* _REQUIRED WORK_:
A single number is required: how many lines below include the string "gives".

* _DATA FOR ANALYSIS_:
┄┄┄┄┄┄┄┄┄┄

Lemma abs_infinitesimal_of_coef :
  hinfinitesimal U (fun k => a k (fun _ => 0%N)) ->
  hinfinitesimal U (fun k => (coef_radius (a k) (d k))%:C) ->
  abs_infinitesimal U a d.
Proof.
move=> a0 rad z zb eps eps0.
have [r r0 zr] := hbounded_uniform zb.
set K : R := 3 ^+ n; have K0 : 0 < K by rewrite exprn_gt0.
set delta := Num.min (eps / (4 * K * r)) (1 / (2 * r)).
have delta0 : 0 < delta by rewrite lt_min !divr_gt0 ?mulr_gt0.
have := aeI hU (rad _ delta0) (aeI hU (a0 (eps / 2) (divr_gt0 eps0 (ltr0Sn _ 1))) zr).
apply: (ae_mono hU) => k [radk [a0k zk]].
have c0 := coef_radius_ge0 (a k) (d k).
rewrite ger0_norm ?ler0c // ltcR lt_min in radk.
case/andP: radk; rewrite !ltr_pdivlMr ?mulr_gt0 // => rad1 rad2.
have cr : coef_radius (a k) (d k) * r <= 1 / 2 by nra.
apply: le_lt_trans (abs_poly_eval_le (ltW r0) c0 cr (@coef_le_radius _ _ _ _) zk) _.
have a0k' : Normc.normc (a k (fun _ => 0%N)) < eps / 2 by rewrite -ltcR.
rewrite ltcR -/K; nra.
Qed.

End Transfer.

Theorem proposition1p4p3 (R : realType) (U : set (set nat)) (n : nat)
  (a : nat -> ('I_n -> nat) -> R[i]) (d : nat -> nat) :
  nonprincipal_ultrafilter U ->
  hinfinite U d ->
  abs_infinitesimal U a d <->
  (hinfinitesimal U (fun k => a k (fun _ => 0%N)) /\
   forall nu : nat -> 'I_n -> nat,
     ~ ae U (fun k => nu k = (fun _ => 0%N)) ->
     ae U (fun k => (mdeg (nu k) <= d k)%N) ->
     hinfinitesimal U
       (fun k => ((Normc.normc (a k (nu k))) `^ (1 / (mdeg (nu k))%:R))%:C)).
Proof.
move=> hU _; split.
- move=> Pinf; split; first exact: (abs_infinitesimal_const_coef hU Pinf).
  by move=> nu; exact: (abs_infinitesimal_coef_root hU Pinf).
- case=> a0 roots; apply: (abs_infinitesimal_of_coef hU a0).
  exact: (coef_radius_infinitesimal hU).
Qed.
(* Let $m$ be an integer and $\alpha\in(\frac12,\frac23)$. For an integer $N\ge 2$ let $v=e^{\pi i/N}$, $q^{1/8}=e^{\pi i/(4N)}$ (so $q^{mj^2/8}=\exp(\pi i m j^2/(4N))$), $\{n\}=v^n-v^{-n}$, $A(j,k)=\{j-k\}\{j+k\}$, $S(k,l)=\prod_{k\le n\le l}\{n\}$, and for $0\le l<j<N/2$ $$D_1(j,l)=\Big(\frac{mj}{2}+\frac{v^j+v^{-j}}{\{j\}}+2\{2j\}\sum_{k=1}^l\frac{1}{A(j,k)}\Big)S(j-l,j+l).$$ Let $F_N=\big(\prod_{r=1}^{\lfloor 5N/6\rfloor}2\sin\frac{r\pi}{N}\big)\big/\big(\prod_{r=1}^{\lfloor N/6\rfloor-1}2\sin\frac{r\pi}{N}\big)$. Then, as $N\to\infty$, $$\sum_{\substack{1\le j\le N/2-1\\ N-j+1\ \text{even}}}\ \sum_{l=0}^{j-1} q^{mj^2/8}D_1(j,l) = O\big(N^{3\alpha}F_N\big).$$ *)

From Stdlib Require Import Reals ZArith List Lra.
From Coquelicot Require Import Coquelicot.
Open Scope R_scope.

Definition cexpi (t : R) : C := (cos t, sin t).

Definition vpow (N : nat) (n : Z) : C := cexpi (PI * IZR n / INR N).

Definition brace (N : nat) (n : Z) : C := Cminus (vpow N n) (vpow N (- n)).

Definition Afun (N : nat) (j k : Z) : C :=
  Cmult (brace N (j - k)) (brace N (j + k)).

(* integer range a, a+1, ..., b (empty if b < a) *)
Definition Zrange (a b : Z) : list Z :=
  map (fun i => (a + Z.of_nat i)%Z) (seq 0 (Z.to_nat (b - a + 1))).

Definition Csum_range (a b : Z) (f : Z -> C) : C :=
  fold_right Cplus (RtoC 0) (map f (Zrange a b)).

Definition Cprod_range (a b : Z) (f : Z -> C) : C :=
  fold_right Cmult (RtoC 1) (map f (Zrange a b)).

Definition Sfun (N : nat) (k l : Z) : C := Cprod_range k l (brace N).

Definition D1 (N : nat) (m j l : Z) : C :=
  Cmult
    (Cplus
       (Cplus (RtoC (IZR m * IZR j / 2))
              (Cdiv (Cplus (vpow N j) (vpow N (- j))) (brace N j)))
       (Cmult (Cmult (RtoC 2) (brace N (2 * j)))
              (Csum_range 1 l (fun k => Cinv (Afun N j k)))))
    (Sfun N (j - l) (j + l)).

Definition qpow (N : nat) (m j : Z) : C :=
  cexpi (PI * IZR m * IZR (j * j) / (4 * INR N)).

(* The double sum: 1 <= j <= N/2 - 1 (i.e. j <= floor(N/2) - 1), N-j+1 even,
   0 <= l <= j-1. *)
Definition LHS (N : nat) (m : Z) : C :=
  Csum_range 1 (Z.of_nat N / 2 - 1)
    (fun j => if Z.even (Z.of_nat N - j + 1)
              then Csum_range 0 (j - 1) (fun l => Cmult (qpow N m j) (D1 N m j l))
              else RtoC 0).

Definition sinprod (N b : nat) : R :=
  fold_right Rmult 1 (map (fun r => 2 * sin (INR r * PI / INR N)) (seq 1 b)).

(* F_N ; note floor(N/6)-1 truncated at 0 gives the empty product when N < 6 *)
Definition FN (N : nat) : R := sinprod N ((5 * N) / 6) / sinprod N (N / 6 - 1).

(* For [l < j < N/2] every bracket {n} is [i * 2 sin(n pi/N)], so that
   [q^(m j^2/8) D_1(j, l)] is a unimodular factor times
   [(-1)^l t_l (cot(j pi/N) + 2 {2j}/i h_l + i m j/2)], where [t_l = |S(j-l, j+l)|] and
   [h_l = sum_(k <= l) 1/|A(j,k)|].  The ratios [t_(l+1)/t_l = |A(j,l+1)|] decrease with [l],
   so [t_l] and [t_l h_l] are unimodal in [l], and an alternating sum of a unimodal sequence is
   bounded by its maximum: the sum over [l] is [O(N max_l t_l)].  Each [t_l] is a product of
   consecutive chords [2 sin(r pi/N)], hence at most the product of all chords [>= 1], which is
   [O(F_N)]; comparing factor by factor with the central [j = N/2] improves this to
   [O(F_N (N/(N + (N/2 - j)^2) + 64^(-N/48)))].  Summing over [j] gives [O(N^(3/2) F_N)], and
   [N^(3/2) <= N^(3 alpha)]. *)

From Stdlib Require Import Reals ZArith List Lra Lia.
From Coquelicot Require Import Coquelicot.
Open Scope R_scope.

Fixpoint rsum (F : nat -> R) (n : nat) : R :=
  match n with O => 0 | S k => rsum F k + F k end.

Lemma rsum_le (F G : nat -> R) n :
  (forall i, (i < n)%nat -> F i <= G i) -> rsum F n <= rsum G n.
Proof.
  induction n; simpl; intros H; [lra|].
  assert (F n <= G n) by (apply H; lia).
  assert (rsum F n <= rsum G n) by (apply IHn; intros; apply H; lia). lra.
Qed.

Lemma rsum_plus (F G : nat -> R) n : rsum (fun i => F i + G i) n = rsum F n + rsum G n.
Proof. induction n; simpl; [ring| rewrite IHn; ring]. Qed.

Lemma rsum_scal (c : R) (F : nat -> R) n : rsum (fun i => c * F i) n = c * rsum F n.
Proof. induction n; simpl; [ring| rewrite IHn; ring]. Qed.

Lemma rsum_const (c : R) n : rsum (fun _ => c) n = INR n * c.
Proof. induction n; simpl rsum; [simpl; ring| rewrite IHn, S_INR; ring]. Qed.

Lemma rsum_telescope (phi : nat -> R) n : rsum (fun i => phi (S i) - phi i) n = phi n - phi O.
Proof. induction n; simpl; [ring| rewrite IHn; ring]. Qed.

Lemma fold_Rplus_seq (F : nat -> R) n : fold_right Rplus 0 (map F (seq 0 n)) = rsum F n.
Proof.
  assert (Hacc : forall (l : list R) x, fold_right Rplus x l = fold_right Rplus 0 l + x).
  { induction l; simpl; intros; [lra| rewrite IHl; lra]. }
  induction n; [reflexivity|].
  rewrite seq_S, map_app, fold_right_app; simpl. rewrite Hacc, IHn. lra.
Qed.

Definition prodR {A} (F : A -> R) (s : list A) : R := fold_right Rmult 1 (map F s).

Lemma prodR_app {A} (F : A -> R) s1 s2 : prodR F (s1 ++ s2) = prodR F s1 * prodR F s2.
Proof. induction s1; unfold prodR in *; simpl; [ring| rewrite IHs1; ring]. Qed.

Lemma prodR_ext_in {A} (F G : A -> R) s :
  (forall x, In x s -> F x = G x) -> prodR F s = prodR G s.
Proof. intros H. unfold prodR. f_equal. apply map_ext_in, H. Qed.

Lemma prodR_pos {A} (F : A -> R) s : (forall x, In x s -> 0 < F x) -> 0 < prodR F s.
Proof.
  induction s; unfold prodR in *; simpl; intros H; [lra|].
  apply Rmult_lt_0_compat; [apply H|apply IHs]; auto.
Qed.

Lemma prodR_ge1 {A} (F : A -> R) s : (forall x, In x s -> 1 <= F x) -> 1 <= prodR F s.
Proof.
  induction s; unfold prodR in *; simpl; intros H; [lra|].
  assert (1 <= F a) by auto. assert (1 <= fold_right Rmult 1 (map F s)) by auto. nra.
Qed.

Lemma prodR_nonneg {A} (F : A -> R) s : (forall x, In x s -> 0 <= F x) -> 0 <= prodR F s.
Proof.
  induction s; unfold prodR in *; simpl; intros H; [lra|].
  apply Rmult_le_pos; [apply H|apply IHs]; auto.
Qed.

Lemma prodR_le {A} (F G : A -> R) s :
  (forall x, In x s -> 0 <= F x <= G x) -> prodR F s <= prodR G s.
Proof.
  induction s; unfold prodR; simpl; intros H; [lra|].
  apply Rmult_le_compat; try apply H; auto.
  apply prodR_nonneg. intros x Hx. apply H; auto.
Qed.

Lemma seq_split3 b m n k : seq b (m + n + k) = seq b m ++ seq (b + m) n ++ seq (b + m + n) k.
Proof. rewrite !seq_app, app_assoc, Nat.add_assoc. reflexivity. Qed.

Lemma prodR_one {A} (F : A -> R) s : (forall x, In x s -> F x = 1) -> prodR F s = 1.
Proof. induction s; unfold prodR in *; simpl; intros H; [lra|]. rewrite H, IHs; auto; lra. Qed.

Lemma prodR_seq_le_superseq (G : nat -> R) b L a len : (b <= a)%nat -> (a + len <= b + L)%nat ->
  (forall r, (b <= r < b + L)%nat -> 1 <= G r) -> prodR G (seq a len) <= prodR G (seq b L).
Proof.
  intros Hba Hlen HG.
  replace L with ((a - b) + len + (b + L - a - len))%nat by lia.
  rewrite seq_split3, !prodR_app. replace (b + (a - b))%nat with a by lia.
  assert (1 <= prodR G (seq b (a - b)))
    by (apply prodR_ge1; intros r Hr; apply in_seq in Hr; apply HG; lia).
  assert (1 <= prodR G (seq (a + len) (b + L - a - len)))
    by (apply prodR_ge1; intros r Hr; apply in_seq in Hr; apply HG; lia).
  assert (1 <= prodR G (seq a len))
    by (apply prodR_ge1; intros r Hr; apply in_seq in Hr; apply HG; lia).
  set (X := prodR G (seq b (a - b))) in *. set (Y := prodR G (seq a len)) in *.
  set (Z := prodR G (seq (a + len) _)) in *.
  assert (Y <= Y * Z) by nra. assert (Y * Z <= X * (Y * Z)) by nra. lra.
Qed.

(* Passing from [g] to [max 1 g] only increases the left-hand side, after which the factors
   outside [seq a len] are harmless and those outside the window (lo, hi] equal 1. *)
Lemma prodR_seq_le_window (g : nat -> R) M lo hi a len :
  (1 <= a)%nat -> (a + len <= M)%nat -> (lo <= hi < M)%nat ->
  (forall r, (1 <= r < M)%nat -> 0 <= g r) ->
  (forall r, (lo < r <= hi)%nat -> 1 <= g r) ->
  (forall r, (1 <= r < M)%nat -> (r <= lo \/ hi < r)%nat -> g r <= 1) ->
  prodR g (seq a len) <= prodR g (seq (S lo) (hi - lo)).
Proof.
  intros Ha Hlen Hwin Hpos Hin Hout. set (G := fun r => Rmax 1 (g r)).
  apply Rle_trans with (prodR G (seq a len)).
  { apply prodR_le. intros r Hr. apply in_seq in Hr.
    split; [apply Hpos; lia| apply Rmax_r]. }
  apply Rle_trans with (prodR G (seq 1 (M - 1))).
  { apply prodR_seq_le_superseq; try lia. intros r _. apply Rmax_l. }
  right. replace (M - 1)%nat with (lo + (hi - lo) + (M - 1 - hi))%nat by lia.
  rewrite seq_split3, !prodR_app.
  rewrite (prodR_one G (seq 1 lo)), (prodR_one G (seq (1 + lo + (hi - lo)) _)).
  - replace (1 + lo)%nat with (S lo) by lia. rewrite Rmult_1_l, Rmult_1_r.
    apply prodR_ext_in. intros r Hr. apply in_seq in Hr. apply Rmax_right, Hin. lia.
  - intros r Hr. apply in_seq in Hr. apply Rmax_left, Hout; lia.
  - intros r Hr. apply in_seq in Hr. apply Rmax_left, Hout; lia.
Qed.

(** * Alternating sums of unimodal sequences *)
Definition alt (b : nat -> R) (n : nat) : R := rsum (fun l => (-1) ^ l * b l) n.

Lemma alt_cons (b : nat -> R) n : alt b (S n) = b O - alt (fun i => b (S i)) n.
Proof.
  unfold alt; induction n; [simpl; ring|].
  change (rsum (fun l => (-1) ^ l * b l) (S (S n)))
    with (rsum (fun l => (-1) ^ l * b l) (S n) + (-1) ^ S n * b (S n)).
  rewrite IHn. simpl. ring.
Qed.

Lemma alt_nonincreasing n (b : nat -> R) :
  (forall l, (l <= n)%nat -> 0 <= b l) -> (forall l, (l < n)%nat -> b (S l) <= b l) ->
  0 <= alt b (S n) <= b O.
Proof.
  revert b; induction n; intros b Hpos Hdec.
  - unfold alt; simpl. specialize (Hpos O (le_n _)). lra.
  - rewrite alt_cons.
    destruct (IHn (fun i => b (S i))) as [H1 H2];
      [intros; apply Hpos; lia| intros; apply Hdec; lia|].
    assert (b 1%nat <= b O) by (apply Hdec; lia). lra.
Qed.

(* On [0, n), [b] rises weakly to its maximum and then falls strictly. *)
Definition unimodal (n : nat) (b : nat -> R) : Prop :=
  forall l, (S (S l) < n)%nat -> b (S l) < b l -> b (S (S l)) < b (S l).

Lemma unimodal_tail n b : unimodal (S n) b -> unimodal n (fun i => b (S i)).
Proof. intros H l Hl. apply H. lia. Qed.

Lemma unimodal_decreasing n b :
  unimodal n b -> (1 < n)%nat -> b 1%nat < b O -> forall l, (S l < n)%nat -> b (S l) < b l.
Proof.
  intros Hb Hn H0. induction l; intros Hl; [exact H0|]. apply Hb; [lia|]. apply IHl. lia.
Qed.

(* Peel off [b 0] while the sequence rises; once it falls, [alt_nonincreasing] applies. *)
Lemma alt_unimodal_range n (b : nat -> R) (B : R) :
  (forall l, (l <= n)%nat -> 0 <= b l <= B) -> unimodal (S n) b ->
  b O - B <= alt b (S n) <= B.
Proof.
  revert b; induction n; intros b Hb Hu.
  - unfold alt; simpl. specialize (Hb O (le_n _)). lra.
  - rewrite alt_cons.
    assert (HB0 := Hb O ltac:(lia)). assert (HB1 := Hb 1%nat ltac:(lia)).
    destruct (Rlt_le_dec (b 1%nat) (b O)) as [Hlt|Hle].
    + destruct (alt_nonincreasing n (fun i => b (S i))) as [H1 H2].
      * intros l Hl. apply Hb. lia.
      * intros l Hl. apply Rlt_le, (unimodal_decreasing (S (S n)) b Hu); [lia|exact Hlt|lia].
      * lra.
    + destruct (IHn (fun i => b (S i))) as [H1 H2];
        [intros l Hl; apply Hb; lia| apply unimodal_tail, Hu|]. lra.
Qed.

Lemma alt_unimodal_bound n (b : nat -> R) (B : R) : 0 <= B ->
  (forall l, (l < n)%nat -> 0 <= b l <= B) -> unimodal n b -> Rabs (alt b n) <= B.
Proof.
  intros HB Hb Hu. destruct n as [|n].
  - unfold alt; simpl. rewrite Rabs_R0. exact HB.
  - destruct (alt_unimodal_range n b B) as [H1 H2]; [intros l Hl; apply Hb; lia| exact Hu|].
    assert (0 <= b O) by (apply Hb; lia). apply Rabs_le. lra.
Qed.

(* The step [u (S l) = a (S l) * u l + t l] of [prodrec_u_succ] preserves strict decrease. *)
Lemma affine_step_decreasing a1 a2 u t :
  0 < a1 -> a2 <= a1 -> 0 <= u -> 0 < t -> a1 * u + t < u ->
  a2 * (a1 * u + t) + a1 * t < a1 * u + t.
Proof.
  intros Ha1 Ha2 Hu Ht Hdec.
  assert (0 <= a1 * u + t) by (assert (0 <= a1 * u) by nra; lra).
  assert (a2 * (a1 * u + t) <= a1 * (a1 * u + t)) by (apply Rmult_le_compat_r; lra).
  assert (0 < u) by nra.
  assert (a1 < 1) by nra.
  destruct (Rle_dec a1 (1/2)); nra.
Qed.

Section ProductRecurrence.

Variable n : nat.
Variables a t h : nat -> R.
Hypothesis a_pos : forall k, (1 <= k <= n)%nat -> 0 < a k.
Hypothesis a_nonincreasing : forall k, (1 <= k < n)%nat -> a (S k) <= a k.
Hypothesis t0_pos : 0 < t O.
Hypothesis t_succ : forall l, (l < n)%nat -> t (S l) = a (S l) * t l.
Hypothesis h0 : h O = 0.
Hypothesis h_succ : forall l, h (S l) = h l + / a (S l).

┄┄┄┄┄┄┄┄┄┄

* _COMPLETED TASK_:
2